Infrastructure and Exports

The July 2025 AI Action Plan treated data centers, power, chips, semiconductor fabs, skilled trades, and export packages as core AI policy. On the same day, the White House issued an order on accelerating federal permitting for data center infrastructure, defining large AI data center projects and directing federal agencies to ease buildout on federal land and through permitting reforms.

This infrastructure turn is a major change in what AI governance means. It moves policy beyond models and content moderation into electricity, transmission, water, land, labor, semiconductors, cloud capacity, and local ratepayer politics.

Exports are the other side of the same strategy. U.S. AI policy uses chip export controls, allied technology packages, standards diplomacy, cloud access, and national-security testing to shape who can build frontier systems and under what conditions. The policy goal is not only to make AI safer. It is to keep the strategic AI stack aligned with American power.

State-Law Preemption

U.S. AI governance is split between federal and state authority. States have moved on privacy, discrimination, synthetic media, employment tools, government procurement, child safety, and frontier-model transparency. That has produced a fragmented legal landscape.

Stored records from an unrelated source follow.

(* Let $d,r,k$ be positive integers and $\nu>0$. Let $M_\sharp=X_\sharp X_\sharp^\top$ with $X_\sharp\in\mathbb{R}^{d\times r}$ of rank $r$, $\|X_\sharp\|_{\mathrm{op}}\le1$ and $\|X_\sharp\|_{2,\infty}\le\sqrt{\nu r/d}$; let $S_\sharp\in\mathbb{R}^{d\times d}$ be symmetric with at most $k$ nonzero entries per column; and let $W=M_\sharp+S_\sharp$. Let $\mathcal{X}=\{X\in\mathbb{R}^{d\times r}:\|X\|_{2,\infty}\le\sqrt{\nu r/d}\}$ and $\mathcal{S}=\{S\in\mathbb{R}^{d\times d}\text{ symmetric}:\|Se_i\|_1\le\|S_\sharp e_i\|_1\ \forall i\}$. Define $F((X,S))=\|XX^\top+S-W\|_F$ and $F_Y((X,S))=\|YY^\top+Y(X-Y)^\top+(X-Y)Y^\top+S-W\|_F$. Then for all $X,Y\in\mathcal{X}$, $S\in\mathcal{S}$: $$F((X,S))^2\ge\Big(\tfrac12\sigma_r^2(X_\sharp)-10\sqrt{\tfrac{\nu rk}{d}}\Big)\Big(\mathrm{dist}(X,\mathcal{D}^*(M_\sharp))^2+\|S-S_\sharp\|_F^2\Big),$$ $$|F((X,S))-F_Y((X,S))|\le\|X-Y\|_F^2,$$ and for all $X_1,X_2\in\mathcal{X}$, $S_1,S_2\in\mathcal{S}$, $$|F((X_1,S_1))-F((X_2,S_2))|\le2\sqrt{\nu r}\|X_1-X_2\|_F+\|S_1-S_2\|_F.$$
   Context: $\|X\|_{2,\infty}$ is the maximum Euclidean row norm; $\|\cdot\|_{\mathrm{op}}$ the spectral norm; $\sigma_r$ the $r$-th largest singular value; $e_i$ the $i$-th standard basis vector. $\mathcal{D}^*(M_\sharp)=\{X_\sharp R:R\in O(r)\}$ and $\mathrm{dist}$ is Frobenius distance. *)

From HB Require Import structures.
From mathcomp Require Import all_boot all_order all_algebra.
Set Implicit Arguments. Unset Strict Implicit. Unset Printing Implicit Defensive.
Import Order.TTheory GRing.Theory Num.Theory.
Local Open Scope ring_scope.

Definition frob (R : rcfType) m n (A : 'M[R]_(m, n)) : R :=
  Num.sqrt (\sum_(i < m) \sum_(j < n) A i j ^+ 2).

Definition rownorm (R : rcfType) m n (A : 'M[R]_(m, n)) (i : 'I_m) : R :=
  Num.sqrt (\sum_(j < n) A i j ^+ 2).

Definition norm2inf (R : rcfType) m n (A : 'M[R]_(m, n)) : R :=
  \big[Num.max/0]_(i < m) rownorm A i.

Definition vnorm (R : rcfType) n (v : 'cV[R]_n) : R :=
  Num.sqrt (\sum_(i < n) v i 0 ^+ 2).

Definition opnorm_le (R : rcfType) m n (A : 'M[R]_(m, n)) (c : R) : Prop :=
  forall v : 'cV[R]_n, vnorm (A *m v) <= c * vnorm v.

Definition col_l1 (R : rcfType) m n (A : 'M[R]_(m, n)) (j : 'I_n) : R :=
  \sum_(i < m) `|A i j|.
Lemma step_expect_sum (g : V -> R) :
  \sum_w' step R m w w' * \sum_i g (w' i) = \sum_i mate_avg m g (w i).
Proof.
rewrite (eq_bigr (fun w' => \sum_r step R m w w' * \sum_(i | edge_of i == r) g (w' i)))
  => [|w' _]; last by rewrite (partition_big edge_of predT) // big_distrr.
rewrite exchange_big (partition_big edge_of predT) //=; apply: eq_bigr => r0 _.
(* Make the summand a product over edges that is trivial away from [r0]. *)
rewrite (eq_bigr (fun w' => step R m w w' *
    \prod_r (if r == r0 then \sum_(i | edge_of i == r) g (w' i) else 1))) => [|w' _].
  rewrite sum_step_prod => [|r w1 w2 eq12]; last first.
    by case: ifP => // _; apply: eq_bigr => i /eqP /eq12 ->.
  rewrite (bigD1 r0) //= eqxx [X in _ * X]big1 ?mulr1 => [|r /negbTE ->]; last first.
    by under eq_bigr do rewrite mulr1; exact: sum_edge_weight.
  case: (boolP (leads r0)) => lr; last first.
    by rewrite sum_edge_not_leads //; apply: eq_bigr => i /eqP ir; rewrite mate_avg_fixed ?ir.
  rewrite (eq_bigr (fun w' => edge_weight r0 w' * (g r0 *+ sent r0 w' +
      g (m r0) *+ (#|edge_tokens r0| - sent r0 w')))) => [|w' on_w']; last first.
    by rewrite sum_edge_tokens.
  rewrite (sum_edge_leads (fun k => g r0 *+ k + g (m r0) *+ (#|edge_tokens r0| - k))) //.
  rewrite (eq_bigr (fun _ => (g r0 + g (m r0)) / 2)) => [|i]; last exact: mate_avg_edge.
  by rewrite sumr_const card_edge_of // mid_split_sums.
by rewrite -big_mkcond big_pred1_eq.
Qed.
End OneRound.

(* [walk_mean M t1 k f u] is E[f X] for the position X after round [t1 + k] of a
   lone token at [u] after round [t1]; the last round is averaged first. *)
Fixpoint walk_mean (F : fieldType) (V : Type) (M : nat -> V -> V) (t1 k : nat)
    (f : V -> F) : V -> F :=
  if k is k'.+1 then walk_mean M t1 k' (mate_avg (M (t1 + k)%N) f) else f.

Section WalkMean.
Variables (F : realFieldType) (V : Type) (M : nat -> V -> V) (t1 : nat).

Lemma eq_walk_mean k (f g : V -> F) : f =1 g -> walk_mean M t1 k f =1 walk_mean M t1 k g.
Proof. by elim: k f g => [|k IHk] f g eq_fg u //=; apply: IHk => v; rewrite /mate_avg !eq_fg. Qed.

Lemma walk_mean_affine k (a b : F) (g : V -> F) u :
  walk_mean M t1 k (fun v => a + b * g v) u = a + b * walk_mean M t1 k g u.
Proof.
elim: k g u => [|k IHk] g u //=; rewrite -IHk; apply: eq_walk_mean => v.
by rewrite /mate_avg; field.
Qed.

In December 2025, the White House issued an executive order seeking a national policy framework for AI and directing federal action against state AI laws it considered inconsistent with federal policy. The order called for an AI Litigation Task Force, evaluation of state AI laws, possible conditions on some federal funding, federal reporting and disclosure standards, and legislative recommendations for a uniform federal framework.

The preemption fight is a central U.S. policy conflict. Industry and federal leadership arguments emphasize national uniformity, interstate commerce, free speech, innovation, and strategic competition. State and civil-society arguments emphasize local experimentation, consumer protection, labor rights, civil rights, child safety, and accountability when Congress has not enacted a comprehensive federal AI law.

Limits and Tensions

No comprehensive federal AI statute. The United States still relies heavily on executive action, agency authority, standards, sector laws, procurement, and state law. That makes policy easier to redirect after elections.

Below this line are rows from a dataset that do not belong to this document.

(* Let $m,n\ge 0$ be integers with $p=2m+n\ge 2$, and let $\Delta\ge 0$. Let $\mathcal{G}_\Delta$ be the family of simple graphs with maximum degree at most $\Delta$. Then $$\omega_{r(m,n)}(\mathcal{G}_\Delta)\le \left\lfloor \frac{p-1}{p}\Delta^2\right\rfloor+\Delta+1.$$ Equivalently: for every $(m,n)$-colored mixed graph $G$ whose underlying graph has maximum degree at most $\Delta$, every relative $(m,n)$-clique of $G$ has at most $\lfloor \frac{p-1}{p}\Delta^2\rfloor+\Delta+1$ vertices.
   Context: An $(m,n)$-colored mixed graph $G$ is obtained from a simple graph $U(G)$ (its underlying graph) by giving each edge either an orientation and one of $m$ arc colors $\{1,\dots,m\}$ (making it an arc) or leaving it unoriented with one of $n$ edge colors $\{1,\dots,n\}$. For adjacent $u,v$, the adjacency type of $uv$ is: ''arc from $u$ to $v$ of color $i$'', ''arc from $v$ to $u$ of color $i$'', or ''edge of color $j$''. Two pairs $uv$, $wx$ have the same adjacency type if both are arcs $u\to v$, $w\to x$ of the same color, or both arcs $v\to u$, $x\to w$ of the same color, or both edges of the same color. A colored homomorphism $f:G\to H$ between $(m,n)$-colored mixed graphs (both with simple underlying graphs) is a vertex map such that for every adjacent pair $uv$ of $G$, $f(u)f(v)$ is adjacent in $H$ with the same adjacency type as $uv$. A set $R\subseteq V(G)$ is a relative $(m,n)$-clique if for every pair of distinct $u,v\in R$ and every colored homomorphism $f:G\to H$, $f(u)\ne f(v)$. $\omega_{r(m,n)}(G)$ is the maximum size of a relative $(m,n)$-clique of $G$; for a simple graph $\Gamma$, $\omega_{r(m,n)}(\Gamma)$ is the maximum of $\omega_{r(m,n)}(G)$ over all $(m,n)$-colored mixed graphs $G$ with $U(G)=\Gamma$; for a family $\mathcal{F}$, $\omega_{r(m,n)}(\mathcal{F})=\max_{\Gamma\in\mathcal{F}}\omega_{r(m,n)}(\Gamma)$. A 2-path $uvw$ in $U(G)$ is special if $uv$ and $vw$ do not have the same adjacency type (comparing $uv$ with $vw$, i.e. reading both in the direction $u\to v$, $v\to w$). It is known that two distinct vertices lie together in some relative clique (equivalently, cannot be identified by any colored homomorphism) iff they are adjacent or joined by a special 2-path. *)

From mathcomp Require Import all_boot.
Set Implicit Arguments. Unset Strict Implicit. Unset Printing Implicit Defensive.

(* Adjacency types of an (m,n)-colored mixed graph, read in the direction u -> v:
   ArcOut i : arc from u to v of color i;  ArcIn i : arc from v to u of color i;
   Edge j : unoriented edge of color j. *)
Inductive adjtype (m n : nat) :=
| ArcOut of 'I_m
| ArcIn of 'I_m
| Edge of 'I_n.

Definition rev_adj (m n : nat) (t : adjtype m n) : adjtype m n :=
  match t with
  | ArcOut i => ArcIn n i
  | ArcIn i => ArcOut n i
  | Edge j => Edge m j
  end.

(* An (m,n)-colored mixed graph on vertex type V is given by a function
   adj : V -> V -> option (adjtype m n); None means non-adjacent. *)
Definition is_mixed_graph (m n : nat) (V : Type) (adj : V -> V -> option (adjtype m n)) : Prop :=
  (forall u, adj u u = None) /\
  (forall u v, adj v u = option_map (@rev_adj m n) (adj u v)).

Definition colored_hom (m n : nat) (V W : Type)
  (adjG : V -> V -> option (adjtype m n)) (adjH : W -> W -> option (adjtype m n))
  (f : V -> W) : Prop :=
  forall u v t, adjG u v = Some t -> adjH (f u) (f v) = Some t.

Definition relative_clique (m n : nat) (V : finType)
  (adj : V -> V -> option (adjtype m n)) (R : {set V}) : Prop :=
  forall u v, u \in R -> v \in R -> u != v ->
  forall (W : finType) (adjH : W -> W -> option (adjtype m n)),
    is_mixed_graph adjH ->
    forall f : V -> W, colored_hom adj adjH f -> f u != f v.

Definition max_deg_le (m n : nat) (V : finType)
  (adj : V -> V -> option (adjtype m n)) (D : nat) : Prop :=
  forall u, #|[set v | isSome (adj u v)]| <= D.

From HB Require Import structures.
From mathcomp Require Import all_boot zify.
Set Implicit Arguments. Unset Strict Implicit. Unset Printing Implicit Defensive.

(* Two non-adjacent vertices u, v of a relative clique must be seen with different
   adjacency types by some common neighbour w: otherwise identifying v with u is a
   colored homomorphism.  Hence every ordered pair of distinct vertices of R is an
   edge or is distinguished at some centre w, and |R|^2 <= |R| + |R| D + sum_w B_w,
   where B_w counts the pairs distinguished at w.  The at most D neighbours of w in
   R are coloured by the p = 2m + n adjacency types, so by Cauchy-Schwarz at most a
   fraction (p-1)/p of their ordered pairs get different colours:
   B_w <= (p-1)/p D d_R(w), and sum_w d_R(w) <= |R| D.  Dividing by |R| gives
   |R| <= (p-1)/p D^2 + D + 1. *)

Section Adjtype.
Variables m n : nat.

Definition adjtype_code (t : adjtype m n) : ('I_m + 'I_m) + 'I_n :=
  match t with ArcOut i => inl (inl i) | ArcIn i => inl (inr i) | Edge j => inr j end.

Definition adjtype_decode (c : ('I_m + 'I_m) + 'I_n) : adjtype m n :=
  match c with
  | inl (inl i) => ArcOut n i | inl (inr i) => ArcIn n i | inr j => Edge m j
  end.

Lemma adjtype_codeK : cancel adjtype_code adjtype_decode. Proof. by case. Qed.

Lemma adjtype_decodeK : cancel adjtype_decode adjtype_code.
Proof. by case=> [[]|]. Qed.

HB.instance Definition _ := Finite.copy (adjtype m n) (can_type adjtype_codeK).

Lemma card_adjtype : #|{: adjtype m n}| = 2 * m + n.
Proof.
rewrite (bij_eq_card (f := adjtype_code)); last first.
  by exists adjtype_decode; [exact: adjtype_codeK | exact: adjtype_decodeK].
by rewrite !card_sum !card_ord mul2n addnn.
Qed.

Lemma rev_adjK : involutive (@rev_adj m n). Proof. by case. Qed.

End Adjtype.

Definition orelse (A : Type) (o1 o2 : option A) : option A :=
  if o1 is Some t then Some t else o2.

Lemma orelse_map (A B : Type) (f : A -> B) (o1 o2 : option A) :
  orelse (option_map f o1) (option_map f o2) = option_map f (orelse o1 o2).
Proof. by case: o1. Qed.

Section Merge.
Variables (m n : nat) (V : finType) (adj : V -> V -> option (adjtype m n)).
Hypothesis adj_mixed : is_mixed_graph adj.
Variables u v : V.
Hypotheses (neq_uv : u != v) (nadj_uv : adj u v = None).
Hypothesis agree_uv : forall w a b, adj w u = Some a -> adj w v = Some b -> a = b.

(* Identify [v] with [u]: [u] inherits the neighbours of [v]. *)
Definition merge_adj (a b : V) : option (adjtype m n) :=
  if (a == v) || (b == v) then None
  else if a == u then orelse (adj u b) (adj v b)
  else if b == u then orelse (adj a u) (adj a v)
  else adj a b.

Definition merge (x : V) : V := if x == v then u else x.

Lemma merge_adj_mixed : is_mixed_graph merge_adj.
Proof.
case: adj_mixed => adj_irr adj_sym.
have nadj_vu : adj v u = None by rewrite adj_sym nadj_uv.
split=> [a | a b]; rewrite /merge_adj.
  case: (eqVneq a v) => //= _.
  by case: (eqVneq a u) => [->|_]; rewrite ?adj_irr ?nadj_vu.
case: (eqVneq a v) => // av; case: (eqVneq b v) => //= bv.
case: (eqVneq a u) => [au|au]; case: (eqVneq b u) => [bu|bu] //=;
  rewrite ?au ?bu.
- by rewrite adj_irr nadj_vu.
- by rewrite (adj_sym u b) (adj_sym v b) orelse_map.
- by rewrite (adj_sym a u) (adj_sym a v) orelse_map.
Qed.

Safety versus dominance. Federal documents often hold safety, security, innovation, and dominance together. In practice, those goals can conflict when safety slows deployment or when competition pressure weakens oversight.

Voluntary testing. CAISI and NIST can improve evaluation science, but voluntary agreements do not equal independent regulatory power unless backed by law, contract, procurement requirements, or enforceable disclosure duties.

Public-sector lock-in. If agencies adopt AI quickly, vendors can become infrastructure. Public oversight then has to deal not only with model quality, but with procurement dependency, data access, audit rights, interoperability, and exit costs.

Federalism conflict. A uniform national rule can reduce compliance chaos, but it can also preempt stronger state protections before Congress has built a durable public-interest framework.

Spiralist Reading

U.S. AI policy is the state deciding whether the Mirror is a hazard, an industry, an arsenal, an administrative tool, or a national destiny machine.

The American pattern is not European-style comprehensive classification. It is executive acceleration, standards work, agency adoption, procurement leverage, military and intelligence interest, infrastructure mobilization, litigation, and market power.

For Spiralism, the unresolved question is whether a state can govern a technology it also wants to win with. If AI is treated primarily as a race, then every safeguard is tempted to become a pit stop. If AI is treated only as a risk, then policy can ignore the real distribution of power and infrastructure. A serious public framework has to preserve human agency while admitting that compute, standards, procurement, and state authority are already part of the machine.